▶ _What is needed_
Determine how many lines in the entries below include the word "svalP", and reply with that number alone.

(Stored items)
- - -

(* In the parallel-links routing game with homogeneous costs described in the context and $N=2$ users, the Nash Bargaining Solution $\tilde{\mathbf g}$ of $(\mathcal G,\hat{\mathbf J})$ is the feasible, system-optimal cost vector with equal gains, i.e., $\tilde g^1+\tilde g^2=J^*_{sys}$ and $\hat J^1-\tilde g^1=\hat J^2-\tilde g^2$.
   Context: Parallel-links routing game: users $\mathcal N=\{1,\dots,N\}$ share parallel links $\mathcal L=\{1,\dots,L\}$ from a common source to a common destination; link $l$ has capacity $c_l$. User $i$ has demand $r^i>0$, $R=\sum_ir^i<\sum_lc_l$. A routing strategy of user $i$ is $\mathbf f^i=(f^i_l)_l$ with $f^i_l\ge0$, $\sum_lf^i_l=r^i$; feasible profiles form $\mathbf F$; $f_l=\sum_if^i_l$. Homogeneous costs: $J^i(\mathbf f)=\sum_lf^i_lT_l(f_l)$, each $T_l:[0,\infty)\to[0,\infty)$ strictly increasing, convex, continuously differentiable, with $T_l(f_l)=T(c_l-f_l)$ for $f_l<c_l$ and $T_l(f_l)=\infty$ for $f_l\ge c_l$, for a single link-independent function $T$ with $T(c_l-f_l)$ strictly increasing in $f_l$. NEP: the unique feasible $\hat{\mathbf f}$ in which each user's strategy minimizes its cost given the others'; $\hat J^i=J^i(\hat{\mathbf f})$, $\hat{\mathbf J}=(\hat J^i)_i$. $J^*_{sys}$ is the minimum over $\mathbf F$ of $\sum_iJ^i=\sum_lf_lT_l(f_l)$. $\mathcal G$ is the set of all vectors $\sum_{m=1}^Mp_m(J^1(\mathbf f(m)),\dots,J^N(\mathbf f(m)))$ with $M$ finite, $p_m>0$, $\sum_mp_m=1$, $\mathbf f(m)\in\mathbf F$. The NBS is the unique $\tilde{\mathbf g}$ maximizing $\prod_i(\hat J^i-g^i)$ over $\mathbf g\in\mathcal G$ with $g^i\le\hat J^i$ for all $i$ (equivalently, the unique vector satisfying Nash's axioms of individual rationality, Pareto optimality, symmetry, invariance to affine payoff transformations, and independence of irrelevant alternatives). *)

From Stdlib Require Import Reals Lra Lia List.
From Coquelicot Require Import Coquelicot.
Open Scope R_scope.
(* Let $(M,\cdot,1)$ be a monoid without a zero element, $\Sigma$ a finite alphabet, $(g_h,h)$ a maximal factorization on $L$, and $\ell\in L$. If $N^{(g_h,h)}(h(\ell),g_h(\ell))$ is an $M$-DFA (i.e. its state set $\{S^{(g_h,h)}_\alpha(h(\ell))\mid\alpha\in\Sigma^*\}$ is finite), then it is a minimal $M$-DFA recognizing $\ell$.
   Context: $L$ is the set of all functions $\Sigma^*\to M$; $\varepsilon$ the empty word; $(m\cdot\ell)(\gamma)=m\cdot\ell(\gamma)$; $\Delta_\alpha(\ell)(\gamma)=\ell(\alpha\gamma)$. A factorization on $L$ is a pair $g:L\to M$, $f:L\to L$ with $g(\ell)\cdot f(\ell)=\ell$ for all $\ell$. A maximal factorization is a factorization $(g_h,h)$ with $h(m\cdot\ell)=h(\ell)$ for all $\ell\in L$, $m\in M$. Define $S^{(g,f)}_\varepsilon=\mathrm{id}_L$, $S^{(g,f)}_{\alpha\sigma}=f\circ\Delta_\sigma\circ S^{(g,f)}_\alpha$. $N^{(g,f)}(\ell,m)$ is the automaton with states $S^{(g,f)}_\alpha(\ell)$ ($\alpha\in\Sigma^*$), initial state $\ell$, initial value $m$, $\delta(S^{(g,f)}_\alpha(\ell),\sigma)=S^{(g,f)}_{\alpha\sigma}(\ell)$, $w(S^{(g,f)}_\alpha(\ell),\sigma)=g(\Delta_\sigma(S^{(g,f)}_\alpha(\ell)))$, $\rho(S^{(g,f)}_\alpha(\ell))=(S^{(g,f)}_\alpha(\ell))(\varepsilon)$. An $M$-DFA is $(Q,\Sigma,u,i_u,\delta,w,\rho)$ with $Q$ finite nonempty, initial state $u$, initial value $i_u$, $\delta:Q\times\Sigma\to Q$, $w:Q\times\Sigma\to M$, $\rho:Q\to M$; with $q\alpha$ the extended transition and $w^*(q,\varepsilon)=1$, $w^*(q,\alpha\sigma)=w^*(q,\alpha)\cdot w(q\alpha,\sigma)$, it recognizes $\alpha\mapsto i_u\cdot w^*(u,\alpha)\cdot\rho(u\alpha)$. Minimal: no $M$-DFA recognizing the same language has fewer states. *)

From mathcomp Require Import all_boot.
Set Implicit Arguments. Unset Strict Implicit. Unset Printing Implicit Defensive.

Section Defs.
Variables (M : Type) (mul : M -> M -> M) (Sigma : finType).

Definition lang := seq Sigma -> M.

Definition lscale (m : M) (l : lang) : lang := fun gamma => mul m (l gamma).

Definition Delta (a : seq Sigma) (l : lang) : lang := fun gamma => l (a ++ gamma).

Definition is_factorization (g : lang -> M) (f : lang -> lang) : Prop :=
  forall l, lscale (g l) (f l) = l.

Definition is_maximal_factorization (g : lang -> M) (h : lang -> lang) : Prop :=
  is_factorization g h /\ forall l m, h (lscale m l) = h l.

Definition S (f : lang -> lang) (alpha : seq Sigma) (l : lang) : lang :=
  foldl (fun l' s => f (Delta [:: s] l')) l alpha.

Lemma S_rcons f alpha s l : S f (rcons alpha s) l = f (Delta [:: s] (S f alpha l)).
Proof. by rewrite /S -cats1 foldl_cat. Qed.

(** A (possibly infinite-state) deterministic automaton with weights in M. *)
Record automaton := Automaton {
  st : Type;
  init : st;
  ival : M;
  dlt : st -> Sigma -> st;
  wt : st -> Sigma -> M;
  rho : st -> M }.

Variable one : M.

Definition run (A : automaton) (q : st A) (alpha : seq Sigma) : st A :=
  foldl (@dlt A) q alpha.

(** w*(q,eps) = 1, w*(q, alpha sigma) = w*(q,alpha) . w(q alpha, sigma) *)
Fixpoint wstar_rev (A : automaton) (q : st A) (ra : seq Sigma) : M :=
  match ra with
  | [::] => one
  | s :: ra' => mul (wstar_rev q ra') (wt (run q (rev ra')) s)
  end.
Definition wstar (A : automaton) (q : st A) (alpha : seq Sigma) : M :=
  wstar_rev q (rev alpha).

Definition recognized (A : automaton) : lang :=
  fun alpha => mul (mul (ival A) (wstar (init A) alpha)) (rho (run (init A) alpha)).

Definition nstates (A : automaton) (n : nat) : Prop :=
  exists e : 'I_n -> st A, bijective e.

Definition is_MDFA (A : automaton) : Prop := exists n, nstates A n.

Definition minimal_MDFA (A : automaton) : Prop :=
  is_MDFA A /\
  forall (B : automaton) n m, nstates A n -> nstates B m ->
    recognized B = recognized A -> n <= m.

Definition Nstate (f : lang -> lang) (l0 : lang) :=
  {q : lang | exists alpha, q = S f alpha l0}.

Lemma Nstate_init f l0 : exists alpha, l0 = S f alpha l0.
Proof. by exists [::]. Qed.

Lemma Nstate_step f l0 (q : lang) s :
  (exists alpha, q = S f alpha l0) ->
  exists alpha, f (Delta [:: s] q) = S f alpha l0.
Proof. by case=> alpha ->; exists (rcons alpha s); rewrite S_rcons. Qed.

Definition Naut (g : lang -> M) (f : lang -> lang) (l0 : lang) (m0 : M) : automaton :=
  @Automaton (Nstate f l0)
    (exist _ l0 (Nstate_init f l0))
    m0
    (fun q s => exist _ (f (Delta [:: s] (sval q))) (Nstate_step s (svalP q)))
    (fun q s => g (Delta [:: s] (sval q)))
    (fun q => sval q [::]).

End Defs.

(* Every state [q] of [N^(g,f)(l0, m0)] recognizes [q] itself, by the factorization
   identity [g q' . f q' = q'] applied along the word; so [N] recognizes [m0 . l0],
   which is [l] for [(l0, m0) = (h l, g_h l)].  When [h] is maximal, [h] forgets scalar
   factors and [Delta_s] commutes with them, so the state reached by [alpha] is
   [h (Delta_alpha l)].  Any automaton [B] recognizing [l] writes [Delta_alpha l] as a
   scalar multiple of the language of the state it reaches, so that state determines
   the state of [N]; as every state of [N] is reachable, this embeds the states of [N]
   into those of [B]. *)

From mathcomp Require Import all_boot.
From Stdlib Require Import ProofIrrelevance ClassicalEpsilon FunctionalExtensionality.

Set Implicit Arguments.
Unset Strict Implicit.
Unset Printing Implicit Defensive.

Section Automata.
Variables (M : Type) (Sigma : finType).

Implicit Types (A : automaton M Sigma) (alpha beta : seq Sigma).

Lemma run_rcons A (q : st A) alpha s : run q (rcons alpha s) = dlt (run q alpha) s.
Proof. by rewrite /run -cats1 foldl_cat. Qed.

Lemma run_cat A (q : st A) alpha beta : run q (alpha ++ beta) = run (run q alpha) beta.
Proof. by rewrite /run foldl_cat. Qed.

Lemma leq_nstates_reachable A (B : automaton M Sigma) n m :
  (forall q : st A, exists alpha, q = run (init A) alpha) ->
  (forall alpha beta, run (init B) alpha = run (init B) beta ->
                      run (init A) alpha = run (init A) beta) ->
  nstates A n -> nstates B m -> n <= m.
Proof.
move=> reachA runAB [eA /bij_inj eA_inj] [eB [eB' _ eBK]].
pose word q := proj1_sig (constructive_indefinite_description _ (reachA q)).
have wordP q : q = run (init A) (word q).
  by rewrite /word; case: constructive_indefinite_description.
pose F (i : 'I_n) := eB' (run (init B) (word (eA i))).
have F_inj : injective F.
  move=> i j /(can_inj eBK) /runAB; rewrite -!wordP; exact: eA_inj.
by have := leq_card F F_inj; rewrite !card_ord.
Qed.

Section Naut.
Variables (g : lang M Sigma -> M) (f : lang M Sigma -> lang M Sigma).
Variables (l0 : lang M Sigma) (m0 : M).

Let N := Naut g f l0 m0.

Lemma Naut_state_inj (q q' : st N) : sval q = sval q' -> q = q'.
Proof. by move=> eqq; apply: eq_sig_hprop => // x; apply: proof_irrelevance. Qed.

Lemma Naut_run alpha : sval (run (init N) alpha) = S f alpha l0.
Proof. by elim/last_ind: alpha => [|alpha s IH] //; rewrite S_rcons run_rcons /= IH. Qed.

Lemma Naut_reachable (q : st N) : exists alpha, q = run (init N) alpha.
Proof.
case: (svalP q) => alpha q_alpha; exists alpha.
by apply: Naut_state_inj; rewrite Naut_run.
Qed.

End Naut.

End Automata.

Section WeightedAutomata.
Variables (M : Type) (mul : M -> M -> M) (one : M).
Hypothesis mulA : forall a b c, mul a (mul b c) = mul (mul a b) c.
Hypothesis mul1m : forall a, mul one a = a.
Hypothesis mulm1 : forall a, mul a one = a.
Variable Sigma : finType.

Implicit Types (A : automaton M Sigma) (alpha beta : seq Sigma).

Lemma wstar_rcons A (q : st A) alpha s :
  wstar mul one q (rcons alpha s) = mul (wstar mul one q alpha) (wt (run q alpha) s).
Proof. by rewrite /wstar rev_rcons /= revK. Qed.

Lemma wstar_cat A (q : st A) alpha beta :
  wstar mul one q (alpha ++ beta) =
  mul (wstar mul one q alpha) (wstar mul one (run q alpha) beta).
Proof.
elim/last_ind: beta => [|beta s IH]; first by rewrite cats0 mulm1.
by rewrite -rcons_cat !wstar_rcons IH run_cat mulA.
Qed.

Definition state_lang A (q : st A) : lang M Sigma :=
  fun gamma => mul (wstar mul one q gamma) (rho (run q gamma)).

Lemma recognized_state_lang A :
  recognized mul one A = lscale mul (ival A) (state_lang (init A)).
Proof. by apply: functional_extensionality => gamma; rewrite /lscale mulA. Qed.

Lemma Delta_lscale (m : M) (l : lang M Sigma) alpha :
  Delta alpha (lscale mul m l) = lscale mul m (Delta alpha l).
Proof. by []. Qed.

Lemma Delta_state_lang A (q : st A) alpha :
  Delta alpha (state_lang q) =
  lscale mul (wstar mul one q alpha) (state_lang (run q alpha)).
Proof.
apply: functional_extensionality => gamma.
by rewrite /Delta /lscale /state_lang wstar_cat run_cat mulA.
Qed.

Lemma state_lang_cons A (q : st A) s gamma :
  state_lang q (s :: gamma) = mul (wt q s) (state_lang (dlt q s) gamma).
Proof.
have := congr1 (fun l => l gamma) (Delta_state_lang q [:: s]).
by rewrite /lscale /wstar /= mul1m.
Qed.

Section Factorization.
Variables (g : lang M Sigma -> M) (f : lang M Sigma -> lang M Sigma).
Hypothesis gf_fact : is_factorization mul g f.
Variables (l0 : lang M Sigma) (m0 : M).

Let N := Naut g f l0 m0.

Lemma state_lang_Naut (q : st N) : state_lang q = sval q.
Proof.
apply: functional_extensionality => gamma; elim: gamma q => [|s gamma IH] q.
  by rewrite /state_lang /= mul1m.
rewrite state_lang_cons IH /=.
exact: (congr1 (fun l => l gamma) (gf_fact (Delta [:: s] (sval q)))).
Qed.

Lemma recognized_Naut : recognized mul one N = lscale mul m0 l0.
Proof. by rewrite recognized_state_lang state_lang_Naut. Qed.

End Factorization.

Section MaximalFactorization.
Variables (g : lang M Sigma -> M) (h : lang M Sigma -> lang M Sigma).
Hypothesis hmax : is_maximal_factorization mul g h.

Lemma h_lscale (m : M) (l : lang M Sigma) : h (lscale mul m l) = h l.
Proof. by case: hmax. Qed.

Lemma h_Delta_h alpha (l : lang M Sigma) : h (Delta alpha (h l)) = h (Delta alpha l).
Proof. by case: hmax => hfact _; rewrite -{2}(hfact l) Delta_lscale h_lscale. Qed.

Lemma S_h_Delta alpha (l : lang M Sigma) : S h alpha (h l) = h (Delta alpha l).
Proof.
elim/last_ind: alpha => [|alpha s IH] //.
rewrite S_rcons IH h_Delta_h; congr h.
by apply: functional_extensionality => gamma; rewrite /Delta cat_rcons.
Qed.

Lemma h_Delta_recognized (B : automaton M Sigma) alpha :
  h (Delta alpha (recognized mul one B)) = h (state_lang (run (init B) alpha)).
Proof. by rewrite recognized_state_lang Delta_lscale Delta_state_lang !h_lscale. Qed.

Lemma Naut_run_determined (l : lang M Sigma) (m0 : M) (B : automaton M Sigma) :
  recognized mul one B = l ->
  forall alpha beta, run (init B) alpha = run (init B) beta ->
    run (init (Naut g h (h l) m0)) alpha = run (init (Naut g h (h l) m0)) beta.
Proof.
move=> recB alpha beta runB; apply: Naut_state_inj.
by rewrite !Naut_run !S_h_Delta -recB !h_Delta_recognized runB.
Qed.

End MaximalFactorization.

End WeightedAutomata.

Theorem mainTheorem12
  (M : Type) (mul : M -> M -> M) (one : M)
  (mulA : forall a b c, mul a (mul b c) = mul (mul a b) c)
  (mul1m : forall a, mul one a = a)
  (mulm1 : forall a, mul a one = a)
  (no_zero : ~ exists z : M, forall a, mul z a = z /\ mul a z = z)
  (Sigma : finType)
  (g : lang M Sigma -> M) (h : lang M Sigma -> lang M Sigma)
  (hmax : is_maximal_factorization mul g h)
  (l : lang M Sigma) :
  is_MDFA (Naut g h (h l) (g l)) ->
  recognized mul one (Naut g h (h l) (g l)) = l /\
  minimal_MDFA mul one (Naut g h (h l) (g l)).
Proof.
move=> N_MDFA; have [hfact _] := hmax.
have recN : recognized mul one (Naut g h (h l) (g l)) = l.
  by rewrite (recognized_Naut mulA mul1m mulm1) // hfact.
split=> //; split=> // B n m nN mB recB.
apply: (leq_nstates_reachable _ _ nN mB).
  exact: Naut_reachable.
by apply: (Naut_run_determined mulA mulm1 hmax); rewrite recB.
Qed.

- - -

▶ _Reply to the task_
2